Of course, the BEST solution is genuine competition, with only enough government regulation to ensure that the market functions well as our primary engine of problem solving creativity. If 50,000 accountable bureaucrats are better than 5,000 secretly colluding oligarchs, then 5,000,000 small and medium-scale businesses are even better. They are more likely - by Hayekian reasoning - to discover the alternate paths and most creative solutions.
{Side note: I would part with many libertarians - and Hayek - in that I believe that markets can and should be "tuned" to shift their incentives in directions that society has chosen, through well-vetted political consensus, to be desirable in the long run, or to take into account externality costs; e.g. tobacco taxes and mileage standards, along with safety and other desiderata. And state intervention that expands the number of savvy, empowered competitors (public health and education for poor kids) is absolutely justifiable in market terms. (And so said Adam Smith.)
{ Finally, in a world where mercantilist hegemonies are running roughshod over market enterprise, some assertive governance is needed, just to protect our own companies from the Marxian "contradictions" that make them easy victims of nationaist-mercantile manipulation, say, by China. The matter is especially severe when such nations are scofflaws toward intellectual property.)
Finally, I am going to be brutally frank again. For the neoconservative movement to haul forth Hayek at this point an howl at Keynes... after their entire movement has seen its credibility destroyed by reality, across the last twenty years, is an ultimate groaner.
Let's put it plain. The neocons can point to NOT A SINGLE CLEAR STATISTICAL METRIC OF NATIONAL HEATH THAT UNAMBIGUOUSLY IMPROVED DURING THEIR TENURE.
Their mythologies lie in ruins, along with our economy, our civil society, our small businesses, our markets, our military, our alliances, our stature and our science. Not one of the bold predictions made by Supply Side economics ever came true. Not one, ever.
Their program of stocking the civil service with industry whores - turning "regulatory capture" into relentless government policy - is now revealed in its full glory, in the Gulf of Mexico... and I am furious at Barrack Obama, for failing to appoint a special prosecutor.
No, I am not claiming tat the Keynsians have it all sussed! It is arguable that the stimulus prevented a FAR deeper depression... most economists think so. But here's the crux: the Keynsian modality is to "use debt when times are bad and buy down debt when times are good." The test isn't bad time (like now), but DID THE KEYNSIANS BUY DOWN DEBT WHEN TIMES WERE GOOD?

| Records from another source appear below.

Lemma mul_tensv_mx (x : 'cV[C]_n) (z : 'cV[C]_m) : tensv_mx x *m z = tensv x z.
Proof.
apply/matrixP => a t; rewrite [t]ord1.
case: (mxtens_indexP a) => i j; rewrite tensvE mxE.
under eq_bigr => l _ do rewrite tensv_mxE mulrnAl eq_sym.
by rewrite sum_mulrb_eq.
Qed.

Lemma ptrC_proj_tens1 (x : 'cV[C]_n) (M : 'M[C]_(n * m)) :
  ptrC (((x *m adjmx x) *t (1%:M : 'M[C]_m)) *m M) =
  adjmx (tensv_mx x) *m M *m tensv_mx x.
Proof.
apply/matrixP => k l; rewrite !mxE sum_mxtens_index.
under [RHS]eq_bigr => c _ do
  (under eq_bigr => d _ do rewrite tensv_mxE mulrnAr; rewrite sum_mulrb_eq).
apply: eq_bigr => c _.
rewrite !mxE !sum_mxtens_index mulr_suml; apply: eq_bigr => a _.
rewrite mulr_suml; under eq_bigr => b _ do rewrite tensmxE !mxE.
under [RHS]eq_bigr => b _ do rewrite !mxE mxtens_indexK /=.
apply: eq_bigr => b _; rewrite big_ord1 !mxE.
have [->|_] := eqVneq b k; first by rewrite mulr1 mulr1n; ring.
by rewrite mulr0 mulr0n conjC0 !mul0r.
Qed.

End PartialTrace.

Section Discord.
Variable R : realType.
Local Notation C := R[i].
Variables (n m : nat) (rho : 'M[C]_(n * m)) (U : 'M[C]_n) (V : 'M[C]_m).
Hypothesis rho_density : density rho.
Hypothesis eigU : orth_eigenbasis (ptrP rho) U.
Hypothesis eigV : orth_eigenbasis (ptrC rho) V.

Let unitU : adjmx U *m U = 1%:M. Proof. by case: eigU. Qed.
Let unitV : adjmx V *m V = 1%:M. Proof. by case: eigV. Qed.
Let rho_herm : rho \is hermsymmx. Proof. by case: rho_density. Qed.
Let rho_psd (x : 'cV[C]_(n * m)) : 0 <= (adjmx x *m rho *m x) 0 0.
Proof. by case: rho_density => _ []. Qed.

Definition joint_prob (k : 'I_(n * m)) : R := basis_diag rho (U *t V) k.
Definition prob_C (i : 'I_n) : R := \sum_j joint_prob (mxtens_index (i, j)).
Definition prob_P (j : 'I_m) : R := \sum_i joint_prob (mxtens_index (i, j)).

(* The classical conditional entropy H(q) - H(a). *)
Definition cond_entropy_joint : R :=
  \sum_i (eta (prob_C i) - \sum_j eta (joint_prob (mxtens_index (i, j)))).

Lemma joint_probE k :
  (adjmx (col k (U *t V)) *m rho *m col k (U *t V)) 0 0 = (joint_prob k)%:C%C.
Proof. by have [] := ge0_complex_real (rho_psd (col k (U *t V))). Qed.
Lemma l1normM m n p (A : 'M[R]_(m, n)) (B : 'M[R]_(n, p)) :
  l1norm (A *m B) <= l1norm A * l1norm B.
Proof.
rewrite /l1norm mulr_suml; apply: ler_sum => i _.
apply: (@le_trans _ _ (\sum_j \sum_k `|A i k| * `|B k j|)).
  apply: ler_sum => j _; rewrite mxE.
  by apply: le_trans (ler_norm_sum _ _ _) _; apply: ler_sum => k _; rewrite normrM.
rewrite exchange_big mulr_suml; apply: ler_sum => k _.
by rewrite -mulr_sumr ler_wpM2l ?row_l1norm_le.
Qed.

Lemma l1normM3 m n p q (A : 'M[R]_(m, n)) (B : 'M[R]_(n, p)) (C : 'M[R]_(p, q)) :
  l1norm (A *m B *m C) <= l1norm A * l1norm B * l1norm C.
Proof.
apply: le_trans (l1normM _ _) _.
by rewrite ler_wpM2r ?l1norm_ge0 ?l1normM.
Qed.

Lemma normr_tr_le_l1norm n (A : 'M[R]_n) : `|\tr A| <= l1norm A.
Proof.
apply: le_trans (ler_norm_sum _ _ _) _; apply: ler_sum => i _.
by rewrite (bigD1 i) //= lerDl sumr_ge0.
Qed.

Lemma l1norm1 n : l1norm (1%:M : 'M[R]_n) = n%:R.
Proof.
rewrite /l1norm -[n in RHS]card_ord -sumr_const; apply: eq_bigr => i _.
rewrite (bigD1 i) //= big1 => [|j /negPf ji]; rewrite mxE ?eqxx ?normr1 ?addr0 //.
by rewrite eq_sym ji normr0.
Qed.

Lemma l1norm_sqr_sub n (X Y : 'M[R]_n) :
  l1norm (Y *m Y - X *m X) <= (l1norm Y + l1norm X) * l1norm (Y - X).
Proof.
have -> : Y *m Y - X *m X = Y *m (Y - X) + (Y - X) *m X.
  by rewrite mulmxBr mulmxBl addrA subrK.
apply: le_trans (l1normD _ _) _.
by rewrite mulrDl [l1norm X * _]mulrC lerD ?l1normM.
Qed.

Lemma l1norm_cube_sub n (X Y : 'M[R]_n) :
  l1norm (Y *m Y *m Y - X *m X *m X) <=
  (l1norm Y ^+ 2 + l1norm Y * l1norm X + l1norm X ^+ 2) * l1norm (Y - X).
Proof.
have -> : Y *m Y *m Y - X *m X *m X =
    Y *m Y *m (Y - X) + Y *m (Y - X) *m X + (Y - X) *m X *m X.
  by rewrite !mulmxBr !mulmxBl !addrA !subrK.
apply: le_trans (l1normD _ _) _; rewrite !mulrDl.
apply: lerD; first apply: le_trans (l1normD _ _) _; first apply: lerD.
- by apply: le_trans (l1normM3 _ _ _) _; rewrite expr2.
- by apply: le_trans (l1normM3 _ _ _) _; rewrite mulrAC.
- by apply: le_trans (l1normM3 _ _ _) _; rewrite mulrAC -mulrA -expr2 mulrC.
Qed.

Lemma normr_tr_sqr_le n (X : 'M[R]_n) : `|\tr (X *m X)| <= l1norm X ^+ 2.
Proof. by apply: le_trans (normr_tr_le_l1norm _) _; rewrite expr2 l1normM. Qed.

Lemma l1norm_sqr_sub_le n (X Y : 'M[R]_n) : l1norm X <= l1norm Y ->
  l1norm (Y *m Y - X *m X) <= 2 * l1norm Y * l1norm (Y - X).
Proof.
move=> leXY; apply: le_trans (l1norm_sqr_sub X Y) _.
by rewrite ler_wpM2r ?l1norm_ge0 // mulr_natl mulr2n lerD2l.
Qed.

Lemma normr_tr_sqr_sub_le n (X Y : 'M[R]_n) : l1norm X <= l1norm Y ->
  `|\tr (Y *m Y) - \tr (X *m X)| <= 2 * l1norm Y * l1norm (Y - X).
Proof.
by move=> leXY; rewrite -linearB (le_trans (normr_tr_le_l1norm _)) ?l1norm_sqr_sub_le.
Qed.

End L1Norm.

Lemma quartic_dominates (R : realFieldType) (g p q : R) : 0 < g ->
  exists2 C : R, 0 <= C & forall x, p * x ^+ 2 + q * x ^+ 3 <= g * x ^+ 4 + C.
Proof.
move=> g0; set k := p + q ^+ 2 / (2 * g).
exists (k ^+ 2 / (2 * g)) => [|x]; first by rewrite divr_ge0 ?sqr_ge0 //; lra.
have cubic : q * x ^+ 3 <= g / 2 * x ^+ 4 + q ^+ 2 / (2 * g) * x ^+ 2.
  have e : g / 2 * x ^+ 4 + q ^+ 2 / (2 * g) * x ^+ 2 - q * x ^+ 3
         = g / 2 * (x * (x - q / g)) ^+ 2 by field; lra.
  have : 0 <= g / 2 * (x * (x - q / g)) ^+ 2 by rewrite mulr_ge0 ?sqr_ge0 //; lra.
  lra.
have quadratic : k * x ^+ 2 <= g / 2 * x ^+ 4 + k ^+ 2 / (2 * g).
  have e : g / 2 * x ^+ 4 + k ^+ 2 / (2 * g) - k * x ^+ 2
         = g / 2 * (x ^+ 2 - k / g) ^+ 2 by field; lra.
  have : 0 <= g / 2 * (x ^+ 2 - k / g) ^+ 2 by rewrite mulr_ge0 ?sqr_ge0 //; lra.
  lra.
rewrite /k in quadratic *; lra.
Qed.

Lemma mix_lower_bound (R : realFieldType) (m C : R) : 0 < m -> 0 <= C ->
  exists2 l : R, 0 < l &
    forall e w : R, m <= e -> w - C <= e -> l * w + m / 2 <= e.
Proof.
(* [e] dominates the convex combination of the two bounds with weight [l] on
   [w - C]; this [l] makes the two constant terms add up to [m / 2]. *)
move=> m0 C0; exists (m / (2 * (m + C))) => [|e w me we]; first by rewrite divr_gt0 //; lra.
have lmC : m / (2 * (m + C)) * (m + C) = m / 2 by field; lra.
have l0 : 0 <= m / (2 * (m + C)) by rewrite divr_ge0 //; lra.
have l1 : 0 <= 1 - m / (2 * (m + C)) by rewrite subr_ge0 ler_pdivrMr; lra.
have := ler_wpM2l l0 we; have := ler_wpM2l l1 me; lra.
Qed.

Lemma quadratic_le_growth (R : realFieldType) (p q s y : R) :
  0 <= p -> 0 <= q -> 0 <= s -> 0 <= y ->
  p + q * y + s * y ^+ 2 <= (p + q + s) * (1 + y ^+ 2).
Proof.
move=> p0 q0 s0 y0; have y_le : y <= 1 + y ^+ 2 by have := sqr_ge0 (y - 1); nra.
nra.
Qed.

Lemma cubic_le_growth (R : realFieldType) (p q s x : R) :
  0 <= p -> 0 <= q -> 0 <= s -> 0 <= x ->
  p * x + q * x ^+ 2 + s * x ^+ 3 <= (p + q + s) * ((1 + x) * (1 + x ^+ 2)).
Proof.
move=> p0 q0 s0 x0.
have e : (1 + x) * (1 + x ^+ 2) = 1 + x + x ^+ 2 + x ^+ 3 by ring.
have x2 : 0 <= x ^+ 2 := sqr_ge0 x; have x3 : 0 <= x ^+ 3 := exprn_ge0 3 x0.
rewrite e; nra.
Qed.

Lemma normr_invB_le (R : realFieldType) (r s : R) : 0 < r -> 0 < s ->
  `|s^-1 - r^-1| <= `|s ^+ 2 - r ^+ 2| / (s ^+ 2 * r).
Proof.
move=> r0 s0.
have -> : s^-1 - r^-1 = (s - r) * s / (s ^+ 2 * r) * (-1).
  by field; rewrite (gt_eqF r0) (gt_eqF s0).
rewrite subr_sqr normrM normrN1 mulr1 !normrM (gtr0_norm s0) (gtr0_norm (addr_gt0 s0 r0)).
have d0 : 0 < (s ^+ 2 * r)^-1 by rewrite invr_gt0 mulr_gt0 ?exprn_gt0.
by rewrite (gtr0_norm d0) ler_wpM2r ?(ltW d0) // ler_wpM2l // lerDl (ltW r0).
Qed.

Lemma ler_div_bound (R : realFieldType) (k D r N W : R) :
  0 < k -> 0 < D -> k * D <= r -> 0 <= W -> N <= W * D -> N / r <= W / k.
Proof.
move=> k0 D0 kDr W0 NW; have r0 : 0 < r := lt_le_trans (mulr_gt0 k0 D0) kDr.
rewrite ler_pdivrMr // (le_trans NW) // (_ : W / k * r = W * (r / k)); last first.
  by rewrite mulrAC mulrA.
by rewrite ler_wpM2l // ler_pdivlMr // mulrC.
Qed.

Section Frobenius.
Variable R : realType.
Implicit Types A : 'M[R]_3.

Lemma sumsqr_ge0 A : 0 <= \sum_(i < 3) \sum_(j < 3) A i j ^+ 2.
Proof. by apply: sumr_ge0 => i _; apply: sumr_ge0 => j _; apply: sqr_ge0. Qed.

Lemma normr_le_frob A i j : `|A i j| <= frob_norm A.
Proof.
rewrite -sqrtr_sqr ler_sqrt ?sumsqr_ge0 // (bigD1 i) //= (bigD1 j) //= -addrA lerDl.
by rewrite addr_ge0 ?sumr_ge0 // => *; rewrite ?sumr_ge0 // => *; apply: sqr_ge0.
Qed.

Lemma frob_le_l1norm A : frob_norm A <= l1norm A.
Proof.
rewrite -(ger0_norm (l1norm_ge0 A)) -sqrtr_sqr ler_sqrt ?sqr_ge0 //.
rewrite expr2 mulr_suml; apply: ler_sum => i _; rewrite mulr_suml; apply: ler_sum => j _.
by rewrite -real_normK ?num_real // expr2 ler_wpM2l ?normr_le_l1norm.
Qed.

Lemma l1norm_le_frob A : l1norm A <= 9 * frob_norm A.
Proof.
apply: (@le_trans _ _ (\sum_(i < 3) \sum_(j < 3) frob_norm A)).
  by apply: ler_sum => i _; apply: ler_sum => j _; apply: normr_le_frob.
by rewrite !big_ord_recr !big_ord0 /=; lra.
Qed.

Lemma tr_sqr_sym A : symm3 A -> \tr (A *m A) = frob_norm A ^+ 2.
Proof.
move=> symA; rewrite sqr_sqrtr ?sumsqr_ge0 //; apply: eq_bigr => i _.
rewrite mxE; apply: eq_bigr => j _.
by rewrite -[in A j i]symA mxE expr2.
Qed.

End Frobenius.

Section LdGEstimates.
Variables (R : realType) (a b c A0 : R).
Hypothesis c_gt0 : 0 < c.
Implicit Types X Y : 'M[R]_3.

Local Notation S := (ldg_S a b c).
Local Notation E := (ldg_energy a b c A0).

Lemma ldg_S_sub X Y : S Y - S X =
  a *: (Y - X) - b *: (Y *m Y - X *m X)
  + (b / 3 * (\tr (Y *m Y) - \tr (X *m X))) *: 1%:M
  + (c * \tr (Y *m Y)) *: (Y - X) + (c * (\tr (Y *m Y) - \tr (X *m X))) *: X.
Proof. by apply/matrixP => i j; rewrite !mxE; ring. Qed.

Lemma l1norm_ldg_S_sub X Y : l1norm X <= l1norm Y ->
  l1norm (S Y - S X) <=
  (`|a| + 4 * `|b| * l1norm Y + 3 * c * l1norm Y ^+ 2) * l1norm (Y - X).
Proof.
move=> leXY.
have l1normD5 (A1 A2 A3 A4 A5 : 'M[R]_3) : l1norm (A1 - A2 + A3 + A4 + A5) <=
    l1norm A1 + l1norm A2 + l1norm A3 + l1norm A4 + l1norm A5.
  have := l1normD (A1 - A2 + A3 + A4) A5; have := l1normD (A1 - A2 + A3) A4.
  have := l1normD (A1 - A2) A3; have := l1normB A1 A2; lra.
rewrite ldg_S_sub; apply: le_trans (l1normD5 _ _ _ _ _) _.
rewrite !l1normZ l1norm1 !normrM (gtr0_norm c_gt0) normfV normr_nat.
have hT := normr_tr_sqr_sub_le leXY; have c0 := ltW c_gt0.
have := ler_wpM2l (normr_ge0 b) hT.
have := ler_wpM2l (normr_ge0 b) (l1norm_sqr_sub_le leXY).
have := ler_wpM2r (l1norm_ge0 (Y - X)) (ler_wpM2l c0 (normr_tr_sqr_le Y)).
have := ler_pM (mulr_ge0 c0 (normr_ge0 _)) (l1norm_ge0 X) (ler_wpM2l c0 hT) leXY.
have := normr_ge0 a; lra.
Qed.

The fact is that they did. Under Clinton. He tried to buy down our debt and build a rainy day fund for hard times. If this had been allowed, we would have been in great shape. But instead, the neocons said "give largesse to the oligarchs! The debt will vanish!" Yeah right. Smith knew better, 250 years ago.
No. Excuse me, but I don't think that the neocons have any more right to cite F. Hayek than they do to mention the name of A. Smith. For them to try to take shelter behind such men is a travesty.
Me? I think I'll stick with the democrats and Keynsians a while longer, rather than listen any further to a howling pack of certifiable loons and shills for a new feudal caste. People who drove both capitalism and the nation that I love straight toward an early grave.